▸ **Material provided**
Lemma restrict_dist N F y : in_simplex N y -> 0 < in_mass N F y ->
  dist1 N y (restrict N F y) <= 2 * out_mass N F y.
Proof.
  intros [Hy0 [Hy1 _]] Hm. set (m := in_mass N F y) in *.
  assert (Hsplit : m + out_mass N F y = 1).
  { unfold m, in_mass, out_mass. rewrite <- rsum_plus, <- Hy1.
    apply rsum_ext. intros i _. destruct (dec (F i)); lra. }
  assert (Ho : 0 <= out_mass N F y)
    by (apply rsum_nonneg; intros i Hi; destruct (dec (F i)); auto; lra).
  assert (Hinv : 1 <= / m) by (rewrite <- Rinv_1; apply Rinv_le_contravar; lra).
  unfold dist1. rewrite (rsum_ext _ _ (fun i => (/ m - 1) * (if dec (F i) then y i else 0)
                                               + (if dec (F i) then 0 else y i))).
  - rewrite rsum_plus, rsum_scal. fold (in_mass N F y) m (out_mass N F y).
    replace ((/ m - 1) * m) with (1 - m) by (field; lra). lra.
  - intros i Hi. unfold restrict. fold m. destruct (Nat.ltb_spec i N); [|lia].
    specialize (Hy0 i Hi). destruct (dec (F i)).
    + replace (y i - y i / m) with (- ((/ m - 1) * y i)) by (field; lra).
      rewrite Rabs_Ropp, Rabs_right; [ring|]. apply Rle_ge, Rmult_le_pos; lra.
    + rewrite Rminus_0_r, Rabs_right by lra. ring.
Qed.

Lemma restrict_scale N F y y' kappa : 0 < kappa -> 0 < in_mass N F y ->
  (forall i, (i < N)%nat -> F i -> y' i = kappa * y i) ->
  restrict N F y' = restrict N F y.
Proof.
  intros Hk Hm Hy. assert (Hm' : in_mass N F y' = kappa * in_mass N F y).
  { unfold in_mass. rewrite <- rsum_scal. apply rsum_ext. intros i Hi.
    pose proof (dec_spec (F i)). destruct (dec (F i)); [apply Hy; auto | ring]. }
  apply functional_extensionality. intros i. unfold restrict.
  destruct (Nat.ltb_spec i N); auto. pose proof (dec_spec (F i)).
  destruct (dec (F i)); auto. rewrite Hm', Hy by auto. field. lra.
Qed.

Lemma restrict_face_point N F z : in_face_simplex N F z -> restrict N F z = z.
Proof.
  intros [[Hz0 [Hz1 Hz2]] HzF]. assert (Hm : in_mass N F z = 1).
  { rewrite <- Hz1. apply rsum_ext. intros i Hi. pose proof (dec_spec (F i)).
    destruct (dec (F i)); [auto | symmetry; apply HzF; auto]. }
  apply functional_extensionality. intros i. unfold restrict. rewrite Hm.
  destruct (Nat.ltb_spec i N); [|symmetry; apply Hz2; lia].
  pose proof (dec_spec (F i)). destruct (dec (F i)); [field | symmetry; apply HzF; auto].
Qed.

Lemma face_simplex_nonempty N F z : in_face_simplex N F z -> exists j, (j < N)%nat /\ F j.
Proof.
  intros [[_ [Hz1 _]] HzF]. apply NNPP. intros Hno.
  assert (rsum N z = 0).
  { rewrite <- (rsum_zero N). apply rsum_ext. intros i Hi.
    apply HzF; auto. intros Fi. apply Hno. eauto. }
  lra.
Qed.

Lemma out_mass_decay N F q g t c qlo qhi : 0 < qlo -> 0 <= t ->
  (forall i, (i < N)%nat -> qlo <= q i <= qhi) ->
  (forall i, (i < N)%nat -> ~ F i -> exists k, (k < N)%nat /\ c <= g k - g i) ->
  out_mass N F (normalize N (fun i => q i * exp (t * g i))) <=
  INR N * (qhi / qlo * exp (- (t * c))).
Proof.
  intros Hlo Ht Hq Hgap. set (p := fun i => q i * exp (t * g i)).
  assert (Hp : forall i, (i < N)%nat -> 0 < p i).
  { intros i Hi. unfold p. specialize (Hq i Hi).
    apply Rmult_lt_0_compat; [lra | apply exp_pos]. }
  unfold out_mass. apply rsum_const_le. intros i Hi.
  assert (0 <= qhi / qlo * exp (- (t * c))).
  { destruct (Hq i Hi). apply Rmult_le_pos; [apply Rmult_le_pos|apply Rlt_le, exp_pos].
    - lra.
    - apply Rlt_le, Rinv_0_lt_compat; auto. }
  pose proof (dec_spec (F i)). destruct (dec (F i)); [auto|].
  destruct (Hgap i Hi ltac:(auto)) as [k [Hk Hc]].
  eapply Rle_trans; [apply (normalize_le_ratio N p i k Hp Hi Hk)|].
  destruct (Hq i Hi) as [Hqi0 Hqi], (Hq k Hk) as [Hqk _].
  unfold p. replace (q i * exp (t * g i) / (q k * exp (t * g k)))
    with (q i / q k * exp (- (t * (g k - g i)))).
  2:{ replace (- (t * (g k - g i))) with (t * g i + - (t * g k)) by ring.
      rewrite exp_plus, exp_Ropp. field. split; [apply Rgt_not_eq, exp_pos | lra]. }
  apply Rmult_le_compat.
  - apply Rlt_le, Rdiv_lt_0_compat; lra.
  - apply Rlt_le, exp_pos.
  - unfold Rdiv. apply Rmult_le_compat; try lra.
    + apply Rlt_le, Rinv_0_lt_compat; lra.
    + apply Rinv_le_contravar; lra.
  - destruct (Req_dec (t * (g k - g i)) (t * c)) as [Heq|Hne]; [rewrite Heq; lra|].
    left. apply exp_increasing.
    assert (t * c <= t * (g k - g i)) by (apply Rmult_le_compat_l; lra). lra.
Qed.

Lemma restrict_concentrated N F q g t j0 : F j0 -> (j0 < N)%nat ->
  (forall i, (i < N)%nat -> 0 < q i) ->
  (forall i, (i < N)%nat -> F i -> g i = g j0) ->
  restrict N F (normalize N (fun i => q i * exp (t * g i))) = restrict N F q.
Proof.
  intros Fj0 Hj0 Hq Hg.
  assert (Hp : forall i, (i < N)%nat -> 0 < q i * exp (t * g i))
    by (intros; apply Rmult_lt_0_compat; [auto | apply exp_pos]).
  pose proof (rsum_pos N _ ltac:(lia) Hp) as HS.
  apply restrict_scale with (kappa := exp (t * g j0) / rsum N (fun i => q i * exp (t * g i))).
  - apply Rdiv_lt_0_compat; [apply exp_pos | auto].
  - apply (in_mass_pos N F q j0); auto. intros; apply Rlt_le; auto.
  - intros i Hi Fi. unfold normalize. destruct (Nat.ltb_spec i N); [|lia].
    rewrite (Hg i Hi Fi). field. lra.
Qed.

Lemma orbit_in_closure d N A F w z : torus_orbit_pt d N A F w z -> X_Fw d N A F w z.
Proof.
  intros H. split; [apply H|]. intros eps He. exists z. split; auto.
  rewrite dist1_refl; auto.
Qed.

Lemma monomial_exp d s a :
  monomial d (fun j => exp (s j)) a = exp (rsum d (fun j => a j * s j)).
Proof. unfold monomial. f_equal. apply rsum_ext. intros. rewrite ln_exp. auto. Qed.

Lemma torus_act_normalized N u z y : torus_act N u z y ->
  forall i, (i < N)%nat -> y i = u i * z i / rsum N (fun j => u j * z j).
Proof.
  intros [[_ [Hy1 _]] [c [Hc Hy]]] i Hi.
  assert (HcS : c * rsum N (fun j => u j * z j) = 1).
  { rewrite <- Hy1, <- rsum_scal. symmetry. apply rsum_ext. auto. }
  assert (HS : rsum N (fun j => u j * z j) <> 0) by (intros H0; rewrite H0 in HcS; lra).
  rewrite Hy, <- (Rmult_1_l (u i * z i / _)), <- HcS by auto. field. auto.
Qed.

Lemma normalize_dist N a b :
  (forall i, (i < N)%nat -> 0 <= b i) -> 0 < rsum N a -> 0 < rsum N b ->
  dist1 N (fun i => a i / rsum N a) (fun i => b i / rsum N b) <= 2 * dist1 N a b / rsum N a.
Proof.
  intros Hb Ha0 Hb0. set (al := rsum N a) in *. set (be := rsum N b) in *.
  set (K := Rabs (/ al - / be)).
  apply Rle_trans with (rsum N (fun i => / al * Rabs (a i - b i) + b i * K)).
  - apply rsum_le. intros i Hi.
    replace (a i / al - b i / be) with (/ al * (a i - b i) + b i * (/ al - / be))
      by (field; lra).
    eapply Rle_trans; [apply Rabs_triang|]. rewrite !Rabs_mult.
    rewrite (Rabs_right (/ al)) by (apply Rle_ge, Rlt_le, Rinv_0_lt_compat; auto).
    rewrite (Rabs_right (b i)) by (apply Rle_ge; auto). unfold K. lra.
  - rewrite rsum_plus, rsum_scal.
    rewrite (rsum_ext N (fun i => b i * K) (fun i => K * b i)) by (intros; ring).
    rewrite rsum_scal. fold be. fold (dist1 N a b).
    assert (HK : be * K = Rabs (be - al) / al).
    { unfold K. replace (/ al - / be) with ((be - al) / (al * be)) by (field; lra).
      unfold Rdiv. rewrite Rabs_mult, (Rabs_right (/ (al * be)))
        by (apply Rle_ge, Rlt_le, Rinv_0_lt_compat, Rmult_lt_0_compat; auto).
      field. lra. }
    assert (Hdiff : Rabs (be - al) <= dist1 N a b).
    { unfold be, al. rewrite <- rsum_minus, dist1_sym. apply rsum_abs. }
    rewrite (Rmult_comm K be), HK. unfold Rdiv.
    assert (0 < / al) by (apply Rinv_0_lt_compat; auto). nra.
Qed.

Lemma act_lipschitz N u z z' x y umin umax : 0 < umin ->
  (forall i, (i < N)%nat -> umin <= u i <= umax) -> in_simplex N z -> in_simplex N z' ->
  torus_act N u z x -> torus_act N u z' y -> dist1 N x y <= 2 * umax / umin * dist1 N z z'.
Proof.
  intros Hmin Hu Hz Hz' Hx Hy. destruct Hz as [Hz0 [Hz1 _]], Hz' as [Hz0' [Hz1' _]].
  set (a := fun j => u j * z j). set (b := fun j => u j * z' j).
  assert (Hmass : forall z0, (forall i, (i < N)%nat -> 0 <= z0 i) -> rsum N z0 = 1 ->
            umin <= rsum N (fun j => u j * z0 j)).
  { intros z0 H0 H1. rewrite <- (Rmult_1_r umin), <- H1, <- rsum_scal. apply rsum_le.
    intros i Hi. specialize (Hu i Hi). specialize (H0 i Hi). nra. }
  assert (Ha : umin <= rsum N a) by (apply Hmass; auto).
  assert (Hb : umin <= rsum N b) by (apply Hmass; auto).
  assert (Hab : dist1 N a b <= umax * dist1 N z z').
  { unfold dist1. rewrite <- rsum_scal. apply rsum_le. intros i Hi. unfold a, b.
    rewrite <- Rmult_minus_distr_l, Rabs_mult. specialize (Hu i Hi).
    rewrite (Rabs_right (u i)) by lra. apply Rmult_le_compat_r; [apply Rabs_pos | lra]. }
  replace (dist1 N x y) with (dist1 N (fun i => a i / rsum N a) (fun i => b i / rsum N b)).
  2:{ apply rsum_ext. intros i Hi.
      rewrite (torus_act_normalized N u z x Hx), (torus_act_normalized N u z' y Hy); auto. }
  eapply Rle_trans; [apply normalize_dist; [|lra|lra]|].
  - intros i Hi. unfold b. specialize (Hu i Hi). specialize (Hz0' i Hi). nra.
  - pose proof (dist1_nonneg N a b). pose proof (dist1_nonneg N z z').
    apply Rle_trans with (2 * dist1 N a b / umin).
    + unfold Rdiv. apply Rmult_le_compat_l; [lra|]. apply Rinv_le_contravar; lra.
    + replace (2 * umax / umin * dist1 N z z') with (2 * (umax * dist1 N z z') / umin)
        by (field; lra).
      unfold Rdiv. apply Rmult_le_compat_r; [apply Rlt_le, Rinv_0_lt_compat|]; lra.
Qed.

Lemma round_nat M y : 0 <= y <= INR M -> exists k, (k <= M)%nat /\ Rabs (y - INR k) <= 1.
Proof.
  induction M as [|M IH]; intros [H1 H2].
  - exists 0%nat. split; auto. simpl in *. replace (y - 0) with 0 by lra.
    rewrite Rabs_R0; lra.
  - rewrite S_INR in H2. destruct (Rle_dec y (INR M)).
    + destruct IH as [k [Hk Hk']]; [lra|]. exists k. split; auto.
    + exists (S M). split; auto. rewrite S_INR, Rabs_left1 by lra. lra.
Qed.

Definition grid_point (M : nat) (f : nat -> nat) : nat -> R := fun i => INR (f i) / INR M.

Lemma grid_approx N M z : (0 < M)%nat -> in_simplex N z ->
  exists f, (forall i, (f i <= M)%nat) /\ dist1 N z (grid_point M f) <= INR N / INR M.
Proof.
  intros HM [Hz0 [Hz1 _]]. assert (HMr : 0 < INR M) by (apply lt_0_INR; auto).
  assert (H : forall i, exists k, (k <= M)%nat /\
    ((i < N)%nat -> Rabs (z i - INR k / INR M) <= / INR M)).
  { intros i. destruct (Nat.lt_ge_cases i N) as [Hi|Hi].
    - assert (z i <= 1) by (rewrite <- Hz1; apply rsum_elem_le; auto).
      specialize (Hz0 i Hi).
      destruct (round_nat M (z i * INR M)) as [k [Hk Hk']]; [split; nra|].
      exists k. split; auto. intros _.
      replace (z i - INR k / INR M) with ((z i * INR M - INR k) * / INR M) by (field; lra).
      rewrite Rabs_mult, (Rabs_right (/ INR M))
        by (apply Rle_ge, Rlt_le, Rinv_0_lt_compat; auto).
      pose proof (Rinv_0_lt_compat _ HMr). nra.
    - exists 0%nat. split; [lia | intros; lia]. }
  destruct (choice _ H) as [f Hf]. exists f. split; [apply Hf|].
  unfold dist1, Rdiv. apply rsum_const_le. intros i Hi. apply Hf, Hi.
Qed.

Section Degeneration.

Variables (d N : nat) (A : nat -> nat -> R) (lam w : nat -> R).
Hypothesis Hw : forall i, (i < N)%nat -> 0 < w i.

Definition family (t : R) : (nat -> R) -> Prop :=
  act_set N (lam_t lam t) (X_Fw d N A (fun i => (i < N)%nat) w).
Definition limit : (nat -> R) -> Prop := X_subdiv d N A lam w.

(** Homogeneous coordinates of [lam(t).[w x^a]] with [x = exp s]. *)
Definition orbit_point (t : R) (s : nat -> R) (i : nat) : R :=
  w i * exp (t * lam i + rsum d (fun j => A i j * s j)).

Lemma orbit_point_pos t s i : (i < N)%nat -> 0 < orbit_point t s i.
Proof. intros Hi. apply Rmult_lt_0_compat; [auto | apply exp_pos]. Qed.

▸ **Exercise objective**
If a line in the entries holds the word "symmetry", count it. Report the total only.

▸ **Solution to the exercise**
4